= Beginning of Section =

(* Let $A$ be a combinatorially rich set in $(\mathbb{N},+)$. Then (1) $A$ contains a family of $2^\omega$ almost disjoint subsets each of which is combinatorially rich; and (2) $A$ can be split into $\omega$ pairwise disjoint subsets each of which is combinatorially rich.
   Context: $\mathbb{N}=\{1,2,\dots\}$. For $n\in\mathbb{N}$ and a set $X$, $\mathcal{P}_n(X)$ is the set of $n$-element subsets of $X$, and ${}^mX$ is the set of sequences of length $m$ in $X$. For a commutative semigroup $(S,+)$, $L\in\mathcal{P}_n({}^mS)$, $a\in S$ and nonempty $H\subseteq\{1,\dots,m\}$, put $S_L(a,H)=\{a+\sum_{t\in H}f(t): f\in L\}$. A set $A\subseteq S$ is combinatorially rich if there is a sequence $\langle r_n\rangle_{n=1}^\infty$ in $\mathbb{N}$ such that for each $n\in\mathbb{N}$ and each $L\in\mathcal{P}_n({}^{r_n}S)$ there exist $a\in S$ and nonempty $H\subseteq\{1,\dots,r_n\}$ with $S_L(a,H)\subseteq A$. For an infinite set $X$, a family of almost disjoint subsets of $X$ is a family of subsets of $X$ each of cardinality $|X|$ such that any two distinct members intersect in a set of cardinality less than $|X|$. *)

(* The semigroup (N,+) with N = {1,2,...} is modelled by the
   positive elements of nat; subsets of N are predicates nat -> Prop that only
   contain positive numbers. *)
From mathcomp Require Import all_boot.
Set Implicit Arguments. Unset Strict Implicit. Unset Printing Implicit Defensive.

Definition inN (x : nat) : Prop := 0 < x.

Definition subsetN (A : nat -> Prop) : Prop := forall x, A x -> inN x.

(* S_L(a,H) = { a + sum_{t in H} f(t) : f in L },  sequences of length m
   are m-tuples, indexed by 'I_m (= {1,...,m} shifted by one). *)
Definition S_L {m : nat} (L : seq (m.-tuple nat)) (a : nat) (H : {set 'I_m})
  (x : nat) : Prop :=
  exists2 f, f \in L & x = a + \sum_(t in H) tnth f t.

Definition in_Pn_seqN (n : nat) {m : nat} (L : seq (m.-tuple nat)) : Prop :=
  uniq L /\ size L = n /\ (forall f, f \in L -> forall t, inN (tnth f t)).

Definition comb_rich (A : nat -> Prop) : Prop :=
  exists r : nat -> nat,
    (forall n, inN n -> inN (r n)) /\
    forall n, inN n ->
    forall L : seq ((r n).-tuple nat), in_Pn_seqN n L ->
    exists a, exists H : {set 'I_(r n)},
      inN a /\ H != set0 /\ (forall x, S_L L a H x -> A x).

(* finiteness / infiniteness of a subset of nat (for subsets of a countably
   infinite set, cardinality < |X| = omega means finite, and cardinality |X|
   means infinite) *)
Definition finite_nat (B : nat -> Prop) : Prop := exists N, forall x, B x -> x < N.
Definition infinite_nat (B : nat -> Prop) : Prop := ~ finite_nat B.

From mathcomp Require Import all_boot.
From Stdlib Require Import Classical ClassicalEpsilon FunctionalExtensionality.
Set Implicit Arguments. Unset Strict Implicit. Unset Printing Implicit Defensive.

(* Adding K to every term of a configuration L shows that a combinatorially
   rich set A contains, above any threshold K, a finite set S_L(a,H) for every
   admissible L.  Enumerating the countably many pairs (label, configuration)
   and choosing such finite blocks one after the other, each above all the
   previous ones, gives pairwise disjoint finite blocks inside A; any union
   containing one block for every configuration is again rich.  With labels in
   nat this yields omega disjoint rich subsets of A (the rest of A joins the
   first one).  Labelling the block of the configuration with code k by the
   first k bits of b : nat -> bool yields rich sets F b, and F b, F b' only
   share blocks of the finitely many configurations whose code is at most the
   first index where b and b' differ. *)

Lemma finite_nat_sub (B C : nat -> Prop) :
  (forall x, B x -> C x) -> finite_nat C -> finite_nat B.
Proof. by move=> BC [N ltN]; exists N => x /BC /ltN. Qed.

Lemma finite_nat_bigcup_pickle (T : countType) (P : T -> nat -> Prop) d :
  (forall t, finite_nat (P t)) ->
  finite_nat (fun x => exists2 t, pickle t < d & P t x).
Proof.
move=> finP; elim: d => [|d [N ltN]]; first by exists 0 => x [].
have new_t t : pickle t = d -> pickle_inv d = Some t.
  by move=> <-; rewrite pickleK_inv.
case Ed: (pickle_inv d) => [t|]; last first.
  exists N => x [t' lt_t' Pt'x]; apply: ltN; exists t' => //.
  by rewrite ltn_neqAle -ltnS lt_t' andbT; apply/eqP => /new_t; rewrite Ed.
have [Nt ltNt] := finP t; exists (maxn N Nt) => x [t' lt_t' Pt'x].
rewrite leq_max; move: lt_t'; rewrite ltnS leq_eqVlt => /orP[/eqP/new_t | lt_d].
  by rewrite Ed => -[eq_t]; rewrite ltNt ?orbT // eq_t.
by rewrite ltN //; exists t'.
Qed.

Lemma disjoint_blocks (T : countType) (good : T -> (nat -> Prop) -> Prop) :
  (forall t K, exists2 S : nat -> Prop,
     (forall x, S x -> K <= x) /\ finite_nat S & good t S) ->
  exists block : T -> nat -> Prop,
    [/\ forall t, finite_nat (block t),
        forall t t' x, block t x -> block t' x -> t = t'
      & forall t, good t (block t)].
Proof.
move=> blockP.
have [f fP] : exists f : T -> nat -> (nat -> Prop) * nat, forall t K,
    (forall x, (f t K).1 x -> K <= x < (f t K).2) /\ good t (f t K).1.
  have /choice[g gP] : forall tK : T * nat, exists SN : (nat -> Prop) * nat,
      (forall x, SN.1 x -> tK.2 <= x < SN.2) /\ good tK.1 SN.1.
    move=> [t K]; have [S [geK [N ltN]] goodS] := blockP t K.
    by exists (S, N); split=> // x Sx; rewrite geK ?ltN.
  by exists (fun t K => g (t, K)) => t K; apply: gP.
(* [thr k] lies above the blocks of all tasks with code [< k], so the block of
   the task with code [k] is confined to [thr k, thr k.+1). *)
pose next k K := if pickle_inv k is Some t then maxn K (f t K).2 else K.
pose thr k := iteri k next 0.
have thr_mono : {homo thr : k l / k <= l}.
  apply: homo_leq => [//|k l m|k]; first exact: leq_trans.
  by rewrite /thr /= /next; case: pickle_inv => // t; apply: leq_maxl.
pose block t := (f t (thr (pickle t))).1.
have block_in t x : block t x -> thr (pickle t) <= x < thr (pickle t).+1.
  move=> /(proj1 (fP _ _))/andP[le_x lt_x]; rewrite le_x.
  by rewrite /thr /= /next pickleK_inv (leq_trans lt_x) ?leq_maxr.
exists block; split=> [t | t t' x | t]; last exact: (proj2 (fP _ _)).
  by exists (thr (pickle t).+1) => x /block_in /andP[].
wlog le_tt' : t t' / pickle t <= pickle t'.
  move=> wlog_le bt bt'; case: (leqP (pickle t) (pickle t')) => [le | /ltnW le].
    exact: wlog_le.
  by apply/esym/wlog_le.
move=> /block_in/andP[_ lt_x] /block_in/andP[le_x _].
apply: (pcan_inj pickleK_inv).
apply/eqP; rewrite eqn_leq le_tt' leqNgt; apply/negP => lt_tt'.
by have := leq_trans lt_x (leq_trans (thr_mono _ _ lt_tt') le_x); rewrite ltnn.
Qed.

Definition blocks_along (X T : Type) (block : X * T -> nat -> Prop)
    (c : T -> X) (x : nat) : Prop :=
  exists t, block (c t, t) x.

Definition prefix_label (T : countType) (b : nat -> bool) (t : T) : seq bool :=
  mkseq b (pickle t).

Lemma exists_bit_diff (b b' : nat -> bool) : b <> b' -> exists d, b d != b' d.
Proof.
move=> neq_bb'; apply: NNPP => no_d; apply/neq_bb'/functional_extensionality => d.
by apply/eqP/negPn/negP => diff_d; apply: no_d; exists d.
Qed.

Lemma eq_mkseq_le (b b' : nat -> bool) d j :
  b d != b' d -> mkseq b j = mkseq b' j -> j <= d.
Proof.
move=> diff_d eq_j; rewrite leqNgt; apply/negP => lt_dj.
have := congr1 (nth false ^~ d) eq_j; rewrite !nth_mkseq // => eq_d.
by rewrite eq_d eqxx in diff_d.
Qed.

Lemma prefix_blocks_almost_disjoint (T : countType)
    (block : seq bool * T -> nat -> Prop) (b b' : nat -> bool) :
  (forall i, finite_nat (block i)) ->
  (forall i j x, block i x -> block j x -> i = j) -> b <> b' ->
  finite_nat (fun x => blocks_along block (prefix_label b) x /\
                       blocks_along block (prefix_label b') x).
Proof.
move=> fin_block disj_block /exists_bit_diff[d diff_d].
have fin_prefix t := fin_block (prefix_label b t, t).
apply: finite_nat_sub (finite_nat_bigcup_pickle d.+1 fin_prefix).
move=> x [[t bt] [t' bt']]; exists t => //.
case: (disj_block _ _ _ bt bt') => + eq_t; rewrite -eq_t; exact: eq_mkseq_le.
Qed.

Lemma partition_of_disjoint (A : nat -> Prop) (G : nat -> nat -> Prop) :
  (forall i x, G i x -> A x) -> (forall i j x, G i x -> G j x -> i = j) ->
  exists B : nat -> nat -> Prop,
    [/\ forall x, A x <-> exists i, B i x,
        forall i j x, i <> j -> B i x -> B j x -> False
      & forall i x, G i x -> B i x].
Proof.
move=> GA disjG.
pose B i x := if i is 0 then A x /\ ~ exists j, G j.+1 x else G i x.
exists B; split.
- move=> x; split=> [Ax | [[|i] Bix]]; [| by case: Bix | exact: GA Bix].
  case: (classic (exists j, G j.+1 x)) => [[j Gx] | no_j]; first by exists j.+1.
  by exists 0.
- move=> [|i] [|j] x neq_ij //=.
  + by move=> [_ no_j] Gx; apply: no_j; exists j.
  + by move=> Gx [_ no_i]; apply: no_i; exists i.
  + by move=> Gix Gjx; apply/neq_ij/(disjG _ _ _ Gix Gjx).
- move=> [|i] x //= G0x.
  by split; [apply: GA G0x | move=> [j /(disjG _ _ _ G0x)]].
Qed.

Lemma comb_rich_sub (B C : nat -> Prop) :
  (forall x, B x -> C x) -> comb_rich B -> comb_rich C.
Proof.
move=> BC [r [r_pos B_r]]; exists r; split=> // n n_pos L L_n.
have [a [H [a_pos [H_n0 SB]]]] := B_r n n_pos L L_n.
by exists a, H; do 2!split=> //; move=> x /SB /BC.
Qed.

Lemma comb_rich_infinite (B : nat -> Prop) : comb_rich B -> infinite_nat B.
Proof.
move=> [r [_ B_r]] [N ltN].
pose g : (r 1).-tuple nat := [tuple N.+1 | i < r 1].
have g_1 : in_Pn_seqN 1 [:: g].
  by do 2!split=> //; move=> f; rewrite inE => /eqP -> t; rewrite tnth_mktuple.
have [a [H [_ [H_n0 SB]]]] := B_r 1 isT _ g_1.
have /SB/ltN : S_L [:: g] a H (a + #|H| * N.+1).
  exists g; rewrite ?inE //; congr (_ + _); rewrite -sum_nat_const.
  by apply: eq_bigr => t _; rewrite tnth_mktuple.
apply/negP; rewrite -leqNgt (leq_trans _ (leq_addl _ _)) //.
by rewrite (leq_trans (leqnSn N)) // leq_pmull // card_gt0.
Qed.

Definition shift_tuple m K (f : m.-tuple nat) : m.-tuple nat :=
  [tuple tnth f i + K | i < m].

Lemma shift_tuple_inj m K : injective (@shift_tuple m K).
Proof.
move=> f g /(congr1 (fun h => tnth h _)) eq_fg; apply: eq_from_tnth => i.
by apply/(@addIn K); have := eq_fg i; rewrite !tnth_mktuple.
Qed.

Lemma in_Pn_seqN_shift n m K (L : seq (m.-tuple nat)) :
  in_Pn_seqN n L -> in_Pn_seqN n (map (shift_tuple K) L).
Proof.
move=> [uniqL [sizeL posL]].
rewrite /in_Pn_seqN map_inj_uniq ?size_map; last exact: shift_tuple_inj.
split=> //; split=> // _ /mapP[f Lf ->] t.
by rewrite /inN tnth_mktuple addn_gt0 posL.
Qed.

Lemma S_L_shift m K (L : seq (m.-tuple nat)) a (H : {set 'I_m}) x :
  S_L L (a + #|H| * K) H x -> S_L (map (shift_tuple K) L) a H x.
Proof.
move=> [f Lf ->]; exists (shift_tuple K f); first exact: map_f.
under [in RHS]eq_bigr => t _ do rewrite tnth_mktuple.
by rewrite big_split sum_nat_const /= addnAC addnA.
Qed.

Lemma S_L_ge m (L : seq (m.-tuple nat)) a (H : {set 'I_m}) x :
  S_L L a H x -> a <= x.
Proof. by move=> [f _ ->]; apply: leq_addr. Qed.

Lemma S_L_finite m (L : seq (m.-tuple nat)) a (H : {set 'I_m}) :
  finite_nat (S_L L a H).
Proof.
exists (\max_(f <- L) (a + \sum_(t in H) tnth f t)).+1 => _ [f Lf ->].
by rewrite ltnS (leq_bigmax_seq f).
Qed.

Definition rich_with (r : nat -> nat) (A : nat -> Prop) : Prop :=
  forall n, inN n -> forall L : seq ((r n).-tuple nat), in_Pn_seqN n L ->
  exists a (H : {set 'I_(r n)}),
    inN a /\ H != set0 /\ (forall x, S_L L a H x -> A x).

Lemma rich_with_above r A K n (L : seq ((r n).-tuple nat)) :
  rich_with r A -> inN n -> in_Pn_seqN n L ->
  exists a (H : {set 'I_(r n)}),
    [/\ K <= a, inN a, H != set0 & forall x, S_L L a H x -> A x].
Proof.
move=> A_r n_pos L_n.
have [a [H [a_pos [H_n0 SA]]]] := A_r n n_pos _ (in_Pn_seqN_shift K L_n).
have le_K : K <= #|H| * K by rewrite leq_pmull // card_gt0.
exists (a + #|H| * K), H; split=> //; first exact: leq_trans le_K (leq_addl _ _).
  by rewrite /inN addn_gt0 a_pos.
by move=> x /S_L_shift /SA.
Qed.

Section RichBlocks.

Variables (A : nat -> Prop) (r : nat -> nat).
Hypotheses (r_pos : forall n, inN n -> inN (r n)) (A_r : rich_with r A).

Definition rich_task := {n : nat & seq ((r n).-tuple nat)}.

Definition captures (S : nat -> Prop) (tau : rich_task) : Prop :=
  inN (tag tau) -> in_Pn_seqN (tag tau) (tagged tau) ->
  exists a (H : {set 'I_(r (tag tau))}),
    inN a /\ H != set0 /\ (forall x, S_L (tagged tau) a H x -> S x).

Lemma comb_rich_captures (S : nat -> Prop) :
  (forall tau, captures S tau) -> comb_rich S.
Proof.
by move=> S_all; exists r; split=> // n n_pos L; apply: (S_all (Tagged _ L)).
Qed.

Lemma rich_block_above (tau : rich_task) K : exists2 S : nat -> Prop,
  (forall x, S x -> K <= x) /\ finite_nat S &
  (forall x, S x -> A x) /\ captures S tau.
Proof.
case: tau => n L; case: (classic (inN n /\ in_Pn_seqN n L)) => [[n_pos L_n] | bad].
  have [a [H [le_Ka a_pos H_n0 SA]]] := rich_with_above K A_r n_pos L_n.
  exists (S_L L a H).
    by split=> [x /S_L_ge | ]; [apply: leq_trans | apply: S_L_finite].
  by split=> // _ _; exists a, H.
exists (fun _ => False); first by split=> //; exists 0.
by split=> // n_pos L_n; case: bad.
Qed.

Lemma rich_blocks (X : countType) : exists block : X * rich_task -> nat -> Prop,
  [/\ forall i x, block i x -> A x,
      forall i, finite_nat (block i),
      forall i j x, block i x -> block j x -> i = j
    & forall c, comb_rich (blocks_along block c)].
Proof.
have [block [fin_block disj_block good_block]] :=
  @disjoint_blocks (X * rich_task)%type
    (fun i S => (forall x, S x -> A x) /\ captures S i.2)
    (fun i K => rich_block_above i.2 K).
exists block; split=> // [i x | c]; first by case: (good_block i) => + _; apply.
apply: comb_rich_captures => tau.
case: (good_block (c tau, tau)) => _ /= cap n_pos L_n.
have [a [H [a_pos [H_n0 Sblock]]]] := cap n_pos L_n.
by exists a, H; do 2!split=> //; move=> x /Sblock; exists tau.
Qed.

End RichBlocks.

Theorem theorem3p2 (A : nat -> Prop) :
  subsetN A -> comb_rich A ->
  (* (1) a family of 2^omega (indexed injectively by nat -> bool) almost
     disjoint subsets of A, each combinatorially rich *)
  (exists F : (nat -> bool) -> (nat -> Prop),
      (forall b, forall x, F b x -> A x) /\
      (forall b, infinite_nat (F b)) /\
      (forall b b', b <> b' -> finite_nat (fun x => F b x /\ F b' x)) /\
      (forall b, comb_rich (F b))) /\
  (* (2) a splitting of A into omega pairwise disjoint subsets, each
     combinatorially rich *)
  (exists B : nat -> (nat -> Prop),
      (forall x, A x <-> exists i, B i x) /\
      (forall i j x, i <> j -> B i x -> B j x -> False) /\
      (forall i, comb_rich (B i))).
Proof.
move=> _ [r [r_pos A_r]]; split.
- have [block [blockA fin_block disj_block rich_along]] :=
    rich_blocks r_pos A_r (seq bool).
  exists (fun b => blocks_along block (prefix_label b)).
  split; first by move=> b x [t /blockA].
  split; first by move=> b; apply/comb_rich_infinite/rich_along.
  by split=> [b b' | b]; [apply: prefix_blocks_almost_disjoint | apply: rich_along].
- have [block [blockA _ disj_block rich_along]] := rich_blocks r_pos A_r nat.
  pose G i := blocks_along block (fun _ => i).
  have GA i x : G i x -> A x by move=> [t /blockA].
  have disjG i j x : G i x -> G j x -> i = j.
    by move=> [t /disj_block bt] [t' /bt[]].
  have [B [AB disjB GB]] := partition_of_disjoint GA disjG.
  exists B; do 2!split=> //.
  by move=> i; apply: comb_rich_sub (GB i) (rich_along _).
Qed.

= End of Section =

* WORK INSTRUCTION
Retype word for word everything in the listing above from the line that holds "(forall x, (f" down to the line that holds "pose block t := (f t (thr (pickle t))).1.". Keep both end lines and leave out the rest.

* SOLUTION FOR THIS TASK
    (forall x, (f t K).1 x -> K <= x < (f t K).2) /\ good t (f t K).1.
  have /choice[g gP] : forall tK : T * nat, exists SN : (nat -> Prop) * nat,
      (forall x, SN.1 x -> tK.2 <= x < SN.2) /\ good tK.1 SN.1.
    move=> [t K]; have [S [geK [N ltN]] goodS] := blockP t K.
    by exists (S, N); split=> // x Sx; rewrite geK ?ltN.
  by exists (fun t K => g (t, K)) => t K; apply: gP.
(* [thr k] lies above the blocks of all tasks with code [< k], so the block of
   the task with code [k] is confined to [thr k, thr k.+1). *)
pose next k K := if pickle_inv k is Some t then maxn K (f t K).2 else K.
pose thr k := iteri k next 0.
have thr_mono : {homo thr : k l / k <= l}.
  apply: homo_leq => [//|k l m|k]; first exact: leq_trans.
  by rewrite /thr /= /next; case: pickle_inv => // t; apply: leq_maxl.
pose block t := (f t (thr (pickle t))).1.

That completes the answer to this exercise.